*** Input records Section Begins ***

(* Let $2 \leq k \leq n-2$ be integers, let $F$ be a finite field, and let $E \subset F^n$ be an $(n,k)$ set. Then $\lvert E \rvert \gtrapprox \lvert F \rvert^{\frac{kn+k+1}{k+1}}$; that is, for every $\epsilon>0$ there is a constant $C_\epsilon>0$ independent of $F$ and $E$ such that $\lvert E\rvert \geq C_\epsilon^{-1}\lvert F\rvert^{\frac{kn+k+1}{k+1}-\epsilon}$.
   Context: A set $E\subset F^n$ is an $(n,k)$ set if for every $k$-dimensional linear subspace $\pi$ of $F^n$ there is $x\in F^n$ with $x+\pi\subset E$. $\lvert\cdot\rvert$ denotes cardinality. *)

From HB Require Import structures.
From mathcomp Require Import all_boot all_order all_algebra all_field.

Set Implicit Arguments.
Unset Strict Implicit.
Unset Printing Implicit Defensive.
Import GRing.Theory.

Definition nk_set (F : finFieldType) (n k : nat) (E : {set 'rV[F]_n}) : Prop :=
  forall V : {vspace 'rV[F]_n}, \dim V = k ->
    exists x : 'rV[F]_n, forall y : 'rV[F]_n, y \in V -> (x + y)%R \in E.

(* Dvir's polynomial method.  An (n,k) set E with k >= 1 contains a line in
   every direction.  If |E| < m^n, some nonzero polynomial P of degree < m in
   each variable vanishes on E; choosing m about q/n makes its total degree d
   smaller than q - 1.  On a line x + F v inside E, P restricts to a polynomial
   of degree <= d vanishing identically, which forces the degree-d homogeneous
   part of P to vanish at v.  This part thus vanishes on all of F^n, and since
   its degree in each variable is below q - 1, orthogonality of the power sums
   over F makes it zero, a contradiction.  Hence |E| >= (q/2n)^n, and this
   exceeds the claimed bound because (kn+k+1)/(k+1) <= n. *)

From HB Require Import structures.
From mathcomp Require Import all_boot all_order all_algebra all_field.
From mathcomp Require Import fingroup cyclic zify ring.

Set Implicit Arguments.
Unset Strict Implicit.
Unset Printing Implicit Defensive.
Import GRing.Theory FinRing.Theory.

Section PowerSums.
Variable F : finFieldType.
Local Notation q := #|F|.
Local Open Scope ring_scope.

Lemma natr_card_finField : q%:R = 0 :> F.
Proof. by rewrite -cardsT -zmodXgE expg_cardG ?inE. Qed.

Lemma expf_card_pred (t : F) : t != 0 -> t ^+ q.-1 = 1.
Proof.
move=> t0; apply: (mulfI t0).
by rewrite -exprS prednK ?expf_card ?mulr1 // (ltn_trans _ (finNzRing_gt1 F)).
Qed.

Lemma sum_expr_eq0 j : (0 < j < q.-1)%N -> \sum_(t : F) t ^+ j = 0.
Proof.
case/andP=> j_gt0 j_lt.
have [a a0 aj] : exists2 a : F, a != 0 & a ^+ j != 1.
  have : ~~ all j.-unity_root (enum (predC1 (0 : F))).
    apply: contraL j_lt => /max_unity_roots/(_ (enum_uniq _)).
    by rewrite -cardE cardC1 -leqNgt; apply.
  by case/allPn=> a; rewrite mem_enum unity_rootE; exists a.
have /eqP : \sum_(t : F) t ^+ j = a ^+ j * \sum_(t : F) t ^+ j.
  rewrite mulr_sumr (reindex_inj (mulfI a0)) /=.
  by apply: eq_bigr => t _; rewrite exprMn.
rewrite -subr_eq0 -{1}[\sum__ _]mul1r -mulrBl mulf_eq0 subr_eq0 eq_sym.
by rewrite (negbTE aj) => /eqP.
Qed.

Lemma sum_expr_finField j : (0 < j)%N ->
  \sum_(t : F) t ^+ j = if (q.-1 %| j)%N then -1 else 0.
Proof.
move=> j_gt0; have q_gt1 : (1 < #|F|)%N := finNzRing_gt1 F.
have expr_mod (t : F) : t != 0 -> t ^+ j = t ^+ (j %% q.-1).
  move=> t0; rewrite {1}(divn_eq j q.-1) exprD.
  by rewrite mulnC exprM expf_card_pred ?expr1n ?mul1r.
rewrite (bigD1 0) //= expr0n eqn0Ngt j_gt0 add0r.
case: ifP => [/eqP dvd_j | ndvd_j].
  rewrite (eq_bigr (fun=> 1)) => [|t t0]; last by rewrite expr_mod // dvd_j expr0.
  apply/eqP; rewrite sumr_const cardC1 -subr_eq0 opprK natr1 prednK 1?ltnW //.
  by rewrite natr_card_finField.
rewrite (eq_bigr (fun t : F => t ^+ (j %% q.-1))) => [|t t0]; last exact: expr_mod.
have mod_gt0 : (0 < j %% q.-1)%N by rewrite lt0n; move: ndvd_j => /negbT.
transitivity (\sum_(t : F) t ^+ (j %% q.-1)).
  by rewrite [in RHS](bigD1 0) //= expr0n eqn0Ngt mod_gt0 add0r.
by rewrite sum_expr_eq0 // mod_gt0 ltn_pmod // ltn_predRL.
Qed.

End PowerSums.

Lemma dvdn_add_subn d a b :
  (a < d)%N -> (b < d)%N -> (d %| a + (d - b))%N = (a == b).
Proof.
move=> a_lt b_lt; apply/idP/eqP => [/dvdnP [c def_c] | ->].
  by case: c def_c => [|[|c]]; rewrite ?mulSn; lia.
by rewrite subnKC ?dvdnn // ltnW.
Qed.

Section Polynomials.
Variables (F : finFieldType) (n m : nat).
Local Notation q := #|F|.
Local Open Scope ring_scope.

Definition mdeg (a : {ffun 'I_n -> 'I_m}) : nat := (\sum_l a l)%N.

(* A polynomial on F^n of degree < m in each variable is given by its
   coefficients [c a] on the exponent vectors [a]. *)
Definition meval (c : {ffun 'I_n -> 'I_m} -> F) (x : 'rV[F]_n) : F :=
  \sum_a c a * \prod_l x 0 l ^+ a l.

Definition homog_part (c : {ffun 'I_n -> 'I_m} -> F) (d : nat) a : F :=
  if mdeg a == d then c a else 0.

Lemma mdeg_le a : (mdeg a <= n * m.-1)%N.
Proof.
rewrite /mdeg -[n in (n * _)%N]card_ord -sum_nat_const leq_sum // => l _.
by rewrite -ltnS (leq_trans (ltn_ord _)) // leqSpred.
Qed.

Lemma sum_row_prod_expr (j : 'I_n -> nat) :
  \sum_(x : 'rV[F]_n) \prod_l x 0 l ^+ j l = \prod_l \sum_(t : F) t ^+ j l.
Proof.
rewrite bigA_distr_bigA (reindex (fun g : {ffun 'I_n -> F} => \row_l g l)) /=.
  by apply: eq_bigr => g _; apply: eq_bigr => l _; rewrite mxE.
exists (fun x : 'rV[F]_n => [ffun l => x 0 l]) => [g _ | x _].
  by apply/ffunP => l; rewrite ffunE mxE.
by apply/rowP => l; rewrite !mxE ffunE.
Qed.

Lemma meval_eq0_coef (c : {ffun 'I_n -> 'I_m} -> F) :
  (m <= q.-1)%N -> (forall x, meval c x = 0) -> forall a, c a = 0.
Proof.
move=> m_le c_eq0 b.
have exp_lt (a : {ffun 'I_n -> 'I_m}) l : (a l < q.-1)%N by apply: leq_trans m_le.
have sum_mono (a : {ffun 'I_n -> 'I_m}) :
    \sum_(x : 'rV[F]_n) \prod_l x 0 l ^+ (a l + (q.-1 - b l))%N
    = if a == b then (-1) ^+ n else 0.
  rewrite sum_row_prod_expr.
  under eq_bigr => l _ do rewrite sum_expr_finField ?addn_gt0 ?subn_gt0 ?exp_lt ?orbT //
                                  dvdn_add_subn ?exp_lt //.
  case: eqP => [-> | /eqP neq_ab].
    by rewrite (eq_bigr (fun=> -1)) ?prodr_const ?card_ord // => l _; rewrite eqxx.
  have [l neq_l] : exists l, a l != b l.
    apply/existsP; apply: contraNT neq_ab => /existsPn eq_ab.
    by apply/eqP/ffunP => l; apply/eqP/negPn/eq_ab.
  by rewrite (bigD1 l) //= val_eqE (negbTE neq_l) mul0r.
(* Pair [meval c] with the complementary monomial of [b], sum over F^n. *)
have : \sum_(x : 'rV[F]_n) meval c x * \prod_l x 0 l ^+ (q.-1 - b l) = 0.
  by apply: big1 => x _; rewrite c_eq0 mul0r.
rewrite (eq_bigr (fun x : 'rV[F]_n =>
    \sum_a c a * \prod_l x 0 l ^+ (a l + (q.-1 - b l))%N)); last first.
  move=> x _; rewrite mulr_suml; apply: eq_bigr => a _.
  by rewrite -mulrA -big_split; congr (_ * _); apply: eq_bigr => l _; rewrite exprD.
rewrite exchange_big /=.
under eq_bigr => a _ do rewrite -mulr_sumr sum_mono.
rewrite (bigD1 b) //= eqxx big1 ?addr0 => [/eqP | a /negbTE ->]; last by rewrite mulr0.
by rewrite mulf_eq0 signr_eq0 orbF => /eqP.
Qed.

Definition line_poly (x v : 'rV[F]_n) (a : {ffun 'I_n -> 'I_m}) : {poly F} :=
  \prod_l (x 0 l *: 'X + (v 0 l)%:P) ^+ a l.

Lemma size_line_poly x v a : (size (line_poly x v a) <= (mdeg a).+1)%N.
Proof.
apply: (big_rec2 (fun s (p : {poly F}) => (size p <= s.+1)%N)) => [|l s p _ size_p].
  by rewrite size_poly1.
have size_lin (b e : F) : (size (b *: 'X + e%:P)%R <= 2)%N.
  rewrite (leq_trans (size_polyD _ _)) // geq_max size_polyC (leq_trans (leq_b1 _)) //.
  by rewrite (leq_trans (size_scale_leq _ _)) ?size_polyX.
have := size_poly_exp_leq (x 0 l *: 'X + (v 0 l)%:P) (a l).
have := size_polyMleq ((x 0 l *: 'X + (v 0 l)%:P) ^+ a l) p.
move: (size_lin (x 0 l) (v 0 l)) size_p.
set lin := (x 0 l *: 'X + _)%R; set y := size (lin ^+ a l)%R; set z := size (_ * p)%R.
nia.
Qed.

Lemma horner_line_poly x v a (t : F) : t != 0 ->
  (line_poly x v a).[t] = t ^+ mdeg a * \prod_l (x + t^-1 *: v) 0 l ^+ a l.
Proof.
move=> t0; rewrite horner_prod /mdeg -prodrXr -big_split /=; apply: eq_bigr => l _.
rewrite horner_exp hornerD hornerZ hornerX hornerC !mxE -exprMn; congr (_ ^+ _).
by rewrite mulrDr mulrA mulfV // mul1r mulrC.
Qed.

Lemma horner0_line_poly x v a : (line_poly x v a).[0] = \prod_l v 0 l ^+ a l.
Proof.
rewrite horner_prod; apply: eq_bigr => l _.
by rewrite horner_exp hornerD hornerZ hornerX hornerC mulr0 add0r.
Qed.

Lemma meval_homog_line c d x v : (d < q.-1)%N ->
  (forall a, c a != 0 -> (mdeg a <= d)%N) ->
  (forall s, meval c (x + s *: v) = 0) -> meval (homog_part c d) v = 0.
Proof.
move=> d_lt deg_le line_eq0.
(* R.[t] = t ^+ d * meval c (x + t^-1 *: v) for t != 0, and R.[0] is the
   value at v of the degree-d part. *)
pose R := \sum_a c a *: (line_poly x v a * 'X^(d - mdeg a)).
have size_R : (size R <= d.+1)%N.
  apply: (big_ind (fun p : {poly F} => (size p <= d.+1)%N)) => [|p r|a _].
  - by rewrite size_poly0.
  - by move=> size_p size_r; rewrite (leq_trans (size_polyD _ _)) // geq_max size_p.
  have [-> | /deg_le deg_a] := eqVneq (c a) 0; first by rewrite scale0r size_poly0.
  rewrite (leq_trans (size_scale_leq _ _)) // (leq_trans (size_polyMleq _ _)) //.
  by have := size_line_poly x v a; rewrite size_polyXn; lia.
have R_eq0 : R = 0.
  apply: (@roots_geq_poly_eq0 _ _ (enum (predC1 0))); last 2 first.
  - exact: enum_uniq.
  - by rewrite -cardE cardC1 (leq_trans size_R).
  apply/allP => t; rewrite mem_enum => t0; rewrite /root horner_sum.
  rewrite (eq_bigr (fun a => t ^+ d * (c a * \prod_l (x + t^-1 *: v) 0 l ^+ a l))).
    by rewrite -mulr_sumr; move: (line_eq0 t^-1); rewrite /meval => ->; rewrite mulr0.
  move=> a _; have [-> | /deg_le deg_a] := eqVneq (c a) 0.
    by rewrite scale0r horner0 !mul0r mulr0.
  rewrite hornerZ hornerM horner_line_poly // hornerXn.
  by rewrite -[in RHS](subnKC deg_a) exprD; ring.
transitivity R.[0]; last by rewrite R_eq0 horner0.
rewrite horner_sum; apply: eq_bigr => a _.
rewrite hornerZ hornerM horner0_line_poly hornerXn /homog_part mulrA.
have [<- | ne_d] := eqVneq (mdeg a) d; first by rewrite subnn expr0 mulr1.
have [-> | /deg_le deg_a] := eqVneq (c a) 0; first by rewrite !mul0r.
by rewrite expr0n subn_eq0 leqNgt ltn_neqAle ne_d deg_a mulr0 mul0r.
Qed.

End Polynomials.

Lemma exists_supv_dim (K : fieldType) (vT : vectType K) (U : {vspace vT}) j :
  (\dim U <= j <= \dim {:vT})%N -> exists2 V : {vspace vT}, (U <= V)%VS & \dim V = j.
Proof.
elim: j => [|j IHj] /andP[U_le j_le]; first by exists U => //; apply/eqP; rewrite -leqn0.
have [dimU | ne_dimU] := eqVneq (\dim U) j.+1; first by exists U.
have [V UV dimV] : exists2 V : {vspace vT}, (U <= V)%VS & \dim V = j.
  by apply: IHj; rewrite (ltnW j_le) andbT; move: U_le ne_dimU; lia.
have [w _ wV] : exists2 w, w \in fullv & w \notin V.
  by apply/subvPn; apply: contraTN j_le => /dimvS; rewrite dimV -ltnNge.
exists (<[w]> + V)%VS; first exact: subv_trans UV (addvSr _ _).
have free_wV : free (w :: vbasis V).
  by rewrite free_cons (span_basis (vbasisP V)) wV (basis_free (vbasisP V)).
by rewrite -{1}(span_basis (vbasisP V)) -span_cons (eqP free_wV) /= size_tuple dimV.
Qed.

Section Kakeya.
Variable F : finFieldType.
Local Open Scope ring_scope.

Lemma exists_nontrivial_annihilator (I T : finType) (f : I -> T -> F) (E : {set T}) :
  (#|E| < #|I|)%N ->
  exists c : I -> F, (exists i, c i != 0) /\ forall y, y \in E -> \sum_i c i * f i y = 0.
Proof.
move=> card_lt.
pose M := \matrix_(i < #|I|, j < #|E|) f (enum_val i) (enum_val j).
pose u := nz_row (kermx M).
have u_neq0 : u != 0.
  rewrite nz_row_eq0 -mxrank_eq0 mxrank_ker subn_eq0 -ltnNge.
  exact: leq_ltn_trans (rank_leq_col M) card_lt.
have uM : u *m M = 0 by apply/sub_kermxP; apply: nz_row_sub.
exists (fun i => u 0 (enum_rank i)); split.
  have [i ui] : exists i, u 0 i != 0.
    apply/existsP; apply: contraNT u_neq0 => /existsPn u0.
    by apply/eqP/rowP => i; rewrite mxE; apply/eqP/negPn/u0.
  by exists (enum_val i); rewrite enum_valK.
move=> y yE; transitivity ((u *m M) 0 (enum_rank_in yE y)); last by rewrite uM mxE.
rewrite mxE (reindex _ (onW_bij _ (@enum_val_bij I))) /=.
by apply: eq_bigr => i _; rewrite enum_valK mxE enum_rankK_in.
Qed.

Definition kakeya_set n (E : {set 'rV[F]_n}) : Prop :=
  forall v, exists x, forall s : F, x + s *: v \in E.

Lemma nk_set_kakeya n k (E : {set 'rV[F]_n}) :
  (0 < k <= n)%N -> nk_set k E -> kakeya_set E.
Proof.
case/andP=> k_gt0 k_le E_nk v.
have [V vV dimV] : exists2 V, (<[v]> <= V)%VS & \dim V = k.
  apply: exists_supv_dim; rewrite dimvf dim_matrix mul1r k_le dim_vline andbT.
  exact: leq_trans (leq_b1 _) k_gt0.
have [x xV_E] := E_nk V dimV.
by exists x => s; apply: xV_E; rewrite memvZ // (subvP vV) ?memv_line.
Qed.

Theorem kakeya_set_card_ge n m (E : {set 'rV[F]_n}) :
  (0 < n)%N -> (n * m.-1 < #|F|.-1)%N -> kakeya_set E -> (m ^ n <= #|E|)%N.
Proof.
move=> n_gt0 deg_lt E_kakeya; rewrite leqNgt; apply/negP => E_small.
have m_le : (m <= #|F|.-1)%N by nia.
have [c [[a1 ca1] c_E]] := exists_nontrivial_annihilator
  (fun (a : {ffun 'I_n -> 'I_m}) (y : 'rV[F]_n) => \prod_l y 0 l ^+ a l)
  (ltac:(by rewrite card_ffun !card_ord) : (#|E| < #|{ffun 'I_n -> 'I_m}|)%N).
pose d := \max_(a | c a != 0) mdeg a.
have deg_le a : c a != 0 -> (mdeg a <= d)%N by move=> ca; apply: leq_bigmax_cond.
have [a0 ca0 def_d] : {a0 | a0 \in [pred a | c a != 0] & d = mdeg a0}.
  by apply: eq_bigmax_cond; apply/card_gt0P; exists a1.
have d_lt : (d < #|F|.-1)%N by rewrite def_d (leq_ltn_trans (mdeg_le a0)).
have homog_eq0 v : meval (homog_part c d) v = 0.
  have [x line_E] := E_kakeya v.
  by apply: meval_homog_line d_lt deg_le _ => s; apply: c_E.
have := meval_eq0_coef m_le homog_eq0 a0; rewrite /homog_part -def_d eqxx => /eqP.
by rewrite (negbTE ca0).
Qed.

Corollary kakeya_set_card_ge_field n (E : {set 'rV[F]_n}) :
  (0 < n)%N -> kakeya_set E -> (#|F| ^ n <= (2 * n) ^ n * #|E|)%N.
Proof.
move=> n_gt0 E_kakeya; have q_gt1 : (1 < #|F|)%N := finNzRing_gt1 F.
pose m := ((#|F| - 2) %/ n).+1.
have m_le_E : (m ^ n <= #|E|)%N.
  apply: (kakeya_set_card_ge n_gt0 _ E_kakeya).
  by rewrite mulnC (leq_ltn_trans (leq_trunc_div _ _)) //; lia.
have q_le : (#|F| <= 2 * n * m)%N.
  by have := divn_eq (#|F| - 2) n; have := ltn_pmod (#|F| - 2) n_gt0; nia.
apply: leq_trans (_ : (2 * n * m) ^ n <= _)%N; first by rewrite leq_exp2r.
by rewrite expnMn leq_mul2l m_le_E orbT.
Qed.

End Kakeya.

From Stdlib Require Import Reals Lra.

(* From here on, [^] on nat denotes [Nat.pow]; [expn] is written explicitly. *)
Lemma INR_expn a b : INR (expn a b) = (INR a ^ b)%R.
Proof. by elim: b => //= b IHb; rewrite expnS mult_INR IHb. Qed.

Lemma nk_exponent_le (n k : nat) (eps : R) : (k < n)%N -> (0 <= eps)%R ->
  ((INR k * INR n + INR k + 1) / (INR k + 1) - eps <= INR n)%R.
Proof.
move=> /leP/le_INR; rewrite S_INR => k_lt eps_ge0.
have k_ge0 := pos_INR k.
apply: Rle_trans (_ : (INR k * INR n + INR k + 1) / (INR k + 1) <= _)%R; first lra.
apply: (Rmult_le_reg_r (INR k + 1)); first lra.
by rewrite /Rdiv Rmult_assoc Rinv_l; nra.
Qed.

Theorem mainTheorem2 (n k : nat) :
  (2 <= k)%N -> (k <= n - 2)%N ->
  forall eps : R, (0 < eps)%R ->
  exists C : R, (0 < C)%R /\
    forall (F : finFieldType) (E : {set 'rV[F]_n}),
      @nk_set F n k E ->
      (/ C * Rpower (INR #|F|)
         ((INR k * INR n + INR k + 1) / (INR k + 1) - eps) <= INR #|E|)%R.
Proof.
move=> k_ge2 k_le eps eps_gt0.
have k_range : (0 < k <= n)%N by apply/andP; split; lia.
have n_gt0 : (0 < n)%N by lia.
have C_gt0 : (0 < INR (expn (2 * n) n))%R by apply/lt_0_INR/ltP; rewrite expn_gt0; lia.
exists (INR (expn (2 * n) n)); split=> // F E E_nk.
have q_ge1 : (1 <= INR #|F|)%R by apply/(le_INR 1)/leP/ltnW/finNzRing_gt1.
have exp_le := nk_exponent_le (ltac:(lia) : (k < n)%N) (Rlt_le _ _ eps_gt0).
apply: (Rmult_le_reg_l _ _ _ C_gt0).
rewrite -Rmult_assoc Rinv_r ?Rmult_1_l; last lra.
apply: Rle_trans (Rle_Rpower _ _ _ q_ge1 exp_le) _.
rewrite Rpower_pow; last lra.
rewrite -INR_expn -mult_INR; apply/le_INR/leP.
exact: kakeya_set_card_ge_field n_gt0 (nk_set_kakeya k_range E_nk).
Qed.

*** Input records Section Ends ***

> **Your instructions**
Only one stretch of the records above is wanted: the lines between the one holding "exact: leq_trans (leq_b1 _) k_gt0." and the one holding "y 0 l ^+ a l)", inclusive, reproduced exactly.

> **Response box**
  exact: leq_trans (leq_b1 _) k_gt0.
have [x xV_E] := E_nk V dimV.
by exists x => s; apply: xV_E; rewrite memvZ // (subvP vV) ?memv_line.
Qed.

Theorem kakeya_set_card_ge n m (E : {set 'rV[F]_n}) :
  (0 < n)%N -> (n * m.-1 < #|F|.-1)%N -> kakeya_set E -> (m ^ n <= #|E|)%N.
Proof.
move=> n_gt0 deg_lt E_kakeya; rewrite leqNgt; apply/negP => E_small.
have m_le : (m <= #|F|.-1)%N by nia.
have [c [[a1 ca1] c_E]] := exists_nontrivial_annihilator
  (fun (a : {ffun 'I_n -> 'I_m}) (y : 'rV[F]_n) => \prod_l y 0 l ^+ a l)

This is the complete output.